Safety, Environmental and Proliferation Issues
PUREX operations concentrate fissile materials, creating proliferation-sensitive streams of separated plutonium and enriched uranium that intersect with non-proliferation regimes such as the Treaty on the Non-Proliferation of Nuclear Weapons and safeguards applied by the International Atomic Energy Agency. Radiological hazards from high-activity fission products like cesium-137 and strontium-90, and chemical hazards from nitric acid and organic solvents, necessitate engineering controls, containment, and emergency planning exemplified at regulated facilities like Savannah River Site and La Hague. Environmental incidents at reprocessing sites have driven regulatory responses in jurisdictions governed by agencies such as the Nuclear Regulatory Commission and national ministries of energy; remediation of legacy contamination has involved programs linked to the Comprehensive Environmental Response, Compensation, and Liability Act in the United States and national cleanup authorities in Russia and France. Plutonium disposition efforts, including immobilization and fabrication of mixed oxide fuel under bilateral initiatives such as agreements between United States and Russia, reflect policy responses to proliferation concerns.

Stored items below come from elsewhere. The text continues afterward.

(* For $\xi = (\tau_L,\delta_L,\tau_R,\delta_R) \in \mathbb{R}^4$ let $$f_\xi(x,y) = \begin{cases} (\tau_L x + y + 1,\ -\delta_L x), & x \le 0,\\ (\tau_R x + y + 1,\ -\delta_R x), & x \ge 0,\end{cases}$$ and let $\Phi = \{\xi : \tau_L > |\delta_L + 1|,\ \tau_R < -|\delta_R+1|\}$. For $\xi\in\Phi$, the matrix $\begin{bmatrix}\tau_L & 1\\ -\delta_L & 0\end{bmatrix}$ has eigenvalues $\lambda_L^s,\lambda_L^u$ with $|\lambda_L^s|<1<\lambda_L^u$, and $\begin{bmatrix}\tau_R & 1\\ -\delta_R & 0\end{bmatrix}$ has eigenvalues $\lambda_R^s,\lambda_R^u$ with $|\lambda_R^s|<1$, $\lambda_R^u<-1$. Let $$\phi^+(\xi) = \delta_R - \big(\tau_R + \delta_L + \delta_R - (1+\tau_R)\lambda_L^u\big)\lambda_L^u,\qquad \phi^-(\xi) = \delta_R - \big(\delta_R + \tau_R - (1+\lambda_R^u)\lambda_L^u\big)\lambda_L^u,$$ $\phi_{\min}(\xi) = \min[\phi^+(\xi),\phi^-(\xi)]$, and $T = \left(\frac{1}{1-\lambda_R^s}, 0\right)$. If $\xi \in \Phi$ with $\phi_{\min}(\xi) > 0$ and $\lambda_L^s = \lambda_R^s$, then $f_\xi$ maps the line segment from $T$ to $f_\xi(T)$ into itself, and on this segment $f_\xi$ is conjugate to the skew tent map $$z \mapsto \begin{cases} \lambda_L^u z + 1, & z \le 0,\\ \lambda_R^u z + 1, & z \ge 0,\end{cases}$$ restricted to the interval $[\lambda_R^u + 1, 1]$. *)

From Stdlib Require Import Reals Lra.
Open Scope R_scope.

Definition f_xi (tauL deltaL tauR deltaR : R) (p : R * R) : R * R :=
  let (x, y) := p in
  if Rle_dec x 0 then (tauL * x + y + 1, - deltaL * x)
  else (tauR * x + y + 1, - deltaR * x).

Definition in_Phi (tauL deltaL tauR deltaR : R) : Prop :=
  tauL > Rabs (deltaL + 1) /\ tauR < - Rabs (deltaR + 1).

Definition is_eigenvalue2 (a b c d lam : R) : Prop :=
  exists v1 v2 : R, (v1 <> 0 \/ v2 <> 0) /\
    a * v1 + b * v2 = lam * v1 /\ c * v1 + d * v2 = lam * v2.

Definition phi_plus (tauL deltaL tauR deltaR lamLu : R) : R :=
  deltaR - (tauR + deltaL + deltaR - (1 + tauR) * lamLu) * lamLu.

Definition phi_minus (tauL deltaL tauR deltaR lamLu lamRu : R) : R :=
  deltaR - (deltaR + tauR - (1 + lamRu) * lamLu) * lamLu.

Definition skew_tent (lamLu lamRu z : R) : R :=
  if Rle_dec z 0 then lamLu * z + 1 else lamRu * z + 1.

Definition segment (P Q : R * R) (p : R * R) : Prop :=
  exists s : R, 0 <= s <= 1 /\
    p = (fst P + s * (fst Q - fst P), snd P + s * (snd Q - snd P)).

Definition continuous_on_interval (a b : R) (h : R -> R * R) : Prop :=
  forall z, a <= z <= b -> forall eps, eps > 0 -> exists del, del > 0 /\
    forall w, a <= w <= b -> Rabs (w - z) < del ->
      Rabs (fst (h w) - fst (h z)) < eps /\ Rabs (snd (h w) - snd (h z)) < eps.

(* When the two pieces of f share the stable eigenvalue s, the row vector (s, 1) is a left
   eigenvector of both matrices for s.  Hence l(x, y) = s x + y obeys l(f p) = s l(p) + s on
   both halves, and the line l = s / (1 - s) is invariant.  Along that line the coordinate
   z = (1 - s) x evolves exactly by the skew tent map.  The factorisation
   phi^- = (lamLu - s)((1 + lamRu) lamLu - lamRu) shows that the tent map sends
   [lamRu + 1, 1] into itself, and T, f T are the points of the line with z = 1, z = lamRu + 1. *)
From Stdlib Require Import Reals Lra Psatz.
Open Scope R_scope.

Lemma companion_eigenvalue_root (a c lam : R) :
  is_eigenvalue2 a 1 c 0 lam -> lam * lam - a * lam - c = 0.
Proof.
  intros [v1 [v2 [Hnz [H1 H2]]]].
  assert (Hv2 : v2 = (lam - a) * v1) by lra.
  subst v2.
  assert (Hv1 : v1 <> 0) by (destruct Hnz as [Hn | Hn]; [exact Hn | intro E; apply Hn; subst; ring]).
  apply (Rmult_eq_reg_r v1); [lra | exact Hv1].
Qed.

Lemma companion_vieta (t d s u : R) :
  is_eigenvalue2 t 1 (- d) 0 s -> is_eigenvalue2 t 1 (- d) 0 u -> s <> u ->
  t = s + u /\ d = s * u.
Proof.
  intros Hs Hu Hsu.
  apply companion_eigenvalue_root in Hs. apply companion_eigenvalue_root in Hu.
  assert (Ht : t = s + u).
  { apply (Rmult_eq_reg_l (s - u)); [nra | lra]. }
  split; [exact Ht | subst t; nra].
Qed.

Definition affine_path (P V : R * R) (z : R) : R * R :=
  (fst P + z * fst V, snd P + z * snd V).

Lemma affine_path_continuous (P V : R * R) (a b : R) :
  continuous_on_interval a b (affine_path P V).
Proof.
  intros z _ eps Heps.
  pose proof (Rabs_pos (fst V)). pose proof (Rabs_pos (snd V)).
  set (K := 1 + Rabs (fst V) + Rabs (snd V)).
  assert (HK : 0 < K) by (unfold K; lra).
  exists (eps / K). split; [apply Rdiv_lt_0_compat; lra |].
  intros w _ Hwz. unfold affine_path; simpl.
  replace (fst P + w * fst V - (fst P + z * fst V)) with ((w - z) * fst V) by ring.
  replace (snd P + w * snd V - (snd P + z * snd V)) with ((w - z) * snd V) by ring.
  rewrite !Rabs_mult.
  assert (Hd : Rabs (w - z) * K < eps).
  { apply (Rmult_lt_compat_r K) in Hwz; [| exact HK].
    replace (eps / K * K) with eps in Hwz by (field; lra). exact Hwz. }
  pose proof (Rabs_pos (w - z)).
  unfold K in Hd. split; nra.
Qed.

Lemma affine_path_inj (P V : R * R) (z w : R) :
  fst V <> 0 -> affine_path P V z = affine_path P V w -> z = w.
Proof.
  intros HV E. apply (f_equal fst) in E. unfold affine_path in E; simpl in E.
  apply (Rmult_eq_reg_r (fst V)); [lra | exact HV].
Qed.

Lemma segment_affine_path (P V : R * R) (a b : R) (p : R * R) :
  a < b ->
  segment (affine_path P V b) (affine_path P V a) p <->
  exists z, a <= z <= b /\ affine_path P V z = p.
Proof.
  intros Hab. unfold segment, affine_path; simpl. split.
  - intros [t [Ht ->]]. exists (b + t * (a - b)). split; [nra |].
    f_equal; ring.
  - intros [z [Hz <-]]. exists ((b - z) / (b - a)).
    assert (Ht : (b - z) / (b - a) * (b - a) = b - z) by (field; lra).
    split; [split; nra |].
    f_equal; field; lra.
Qed.

Definition tent_chart (s : R) : R -> R * R :=
  affine_path (0, s / (1 - s)) (1 / (1 - s), - s / (1 - s)).

Lemma f_xi_tent_chart (s u r z : R) :
  s < 1 ->
  f_xi (s + u) (s * u) (s + r) (s * r) (tent_chart s z) =
  tent_chart s (skew_tent u r z).
Proof.
  intros Hs.
  assert (Hsign : z * (1 / (1 - s)) <= 0 <-> z <= 0).
  { assert (0 < 1 / (1 - s)) by (apply Rdiv_lt_0_compat; lra). split; nra. }
  unfold f_xi, tent_chart, affine_path, skew_tent; simpl.
  rewrite Rplus_0_l.
  destruct (Rle_dec (z * (1 / (1 - s))) 0) as [Hx | Hx];
    destruct (Rle_dec z 0) as [Hz | Hz]; try tauto;
    f_equal; field; lra.
Qed.

Lemma skew_tent_maps_interval (u r z : R) :
  0 <= u -> r <= 0 -> r < (1 + r) * u ->
  r + 1 <= z <= 1 -> r + 1 <= skew_tent u r z <= 1.
Proof.
  intros Hu Hr Hur Hz. unfold skew_tent.
  destruct (Rle_dec z 0); split; nra.
Qed.

Lemma phi_minus_common_stable (tauL deltaL s u r : R) :
  phi_minus tauL deltaL (s + r) (s * r) u r = (u - s) * ((1 + r) * u - r).
Proof. unfold phi_minus. ring. Qed.

Theorem proposition10p1
  (tauL deltaL tauR deltaR lamLs lamLu lamRs lamRu : R) :
  in_Phi tauL deltaL tauR deltaR ->
  is_eigenvalue2 tauL 1 (- deltaL) 0 lamLs ->
  is_eigenvalue2 tauL 1 (- deltaL) 0 lamLu ->
  Rabs lamLs < 1 -> 1 < lamLu ->
  is_eigenvalue2 tauR 1 (- deltaR) 0 lamRs ->
  is_eigenvalue2 tauR 1 (- deltaR) 0 lamRu ->
  Rabs lamRs < 1 -> lamRu < -1 ->
  Rmin (phi_plus tauL deltaL tauR deltaR lamLu)
       (phi_minus tauL deltaL tauR deltaR lamLu lamRu) > 0 ->
  lamLs = lamRs ->
  let f := f_xi tauL deltaL tauR deltaR in
  let T := (1 / (1 - lamRs), 0) in
  (* f maps the segment [T, f T] into itself *)
  (forall p, segment T (f T) p -> segment T (f T) (f p)) /\
  (* and on it f is conjugate to the skew tent map on [lamRu + 1, 1] *)
  (exists h : R -> R * R,
     continuous_on_interval (lamRu + 1) 1 h /\
     (forall z w, lamRu + 1 <= z <= 1 -> lamRu + 1 <= w <= 1 -> h z = h w -> z = w) /\
     (forall p, segment T (f T) p <-> exists z, lamRu + 1 <= z <= 1 /\ h z = p) /\
     (forall z, lamRu + 1 <= z <= 1 ->
        lamRu + 1 <= skew_tent lamLu lamRu z <= 1 /\
        f (h z) = h (skew_tent lamLu lamRu z))).
Proof.
  intros _ HLs HLu _ HLu1 HRs HRu HRs1 HRu1 Hmin <-.
  set (s := lamLs) in *. set (u := lamLu) in *. set (r := lamRu) in *.
  assert (Hs : -1 < s < 1) by (destruct (Rabs_def2 _ _ HRs1); lra).
  destruct (companion_vieta _ _ _ _ HLs HLu ltac:(lra)) as [-> ->].
  destruct (companion_vieta _ _ _ _ HRs HRu ltac:(lra)) as [-> ->].
  assert (Htent : r < (1 + r) * u).
  { pose proof (Rmin_r (phi_plus (s + u) (s * u) (s + r) (s * r) u)
                       (phi_minus (s + u) (s * u) (s + r) (s * r) u r)).
    rewrite phi_minus_common_stable in *. nra. }
  intros f T.
  assert (Hconj : forall z, r + 1 <= z <= 1 ->
            r + 1 <= skew_tent u r z <= 1 /\ f (tent_chart s z) = tent_chart s (skew_tent u r z)).
  { intros z Hz. split; [apply skew_tent_maps_interval; lra | apply f_xi_tent_chart; lra]. }
  assert (HT : T = tent_chart s 1).
  { unfold T, tent_chart, affine_path; simpl. f_equal; field; lra. }
  assert (HfT : f T = tent_chart s (r + 1)).
  { rewrite HT, (proj2 (Hconj 1 ltac:(lra))).
    unfold skew_tent. destruct (Rle_dec 1 0); [lra | f_equal; ring]. }
  assert (Hseg : forall p, segment T (f T) p <-> exists z, r + 1 <= z <= 1 /\ tent_chart s z = p).
  { intros p. rewrite HfT, HT. apply segment_affine_path. lra. }
  split.
  - intros p Hp. apply Hseg in Hp as [z [Hz <-]]. apply Hseg.
    exists (skew_tent u r z). split; [apply Hconj | symmetry; apply Hconj]; exact Hz.
  - exists (tent_chart s). split; [apply affine_path_continuous |].
    split; [| split; [exact Hseg | exact Hconj]].
    intros z w _ _. apply affine_path_inj. simpl.
    apply Rgt_not_eq, Rdiv_lt_0_compat; lra.
Qed.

Historical Development and Alternatives
PUREX evolved from wartime separations chemistry used during the Manhattan Project and was scaled at sites like Hanford Site and Savannah River Site for both weapons and civil purposes. Postwar civilian uses proliferated through reactors associated with utilities such as Électricité de France and state programs in Japan and India. Alternative aqueous processes include the UREX and TRUEX variations designed to limit plutonium separation or remove minor actinides, while pyroprocessing approaches developed at Argonne National Laboratory and by Electrorefining programs in South Korea and Japan present non-aqueous alternatives aimed at proliferation resistance and treatment of metallic fuels. Research into novel extractants—such as diamide ligands and borated solvents—and partitioning and transmutation strategies pursued in initiatives like the European Commission frameworks and national research programs continue to influence policy decisions regarding PUREX deployment, decommissioning, and replacement.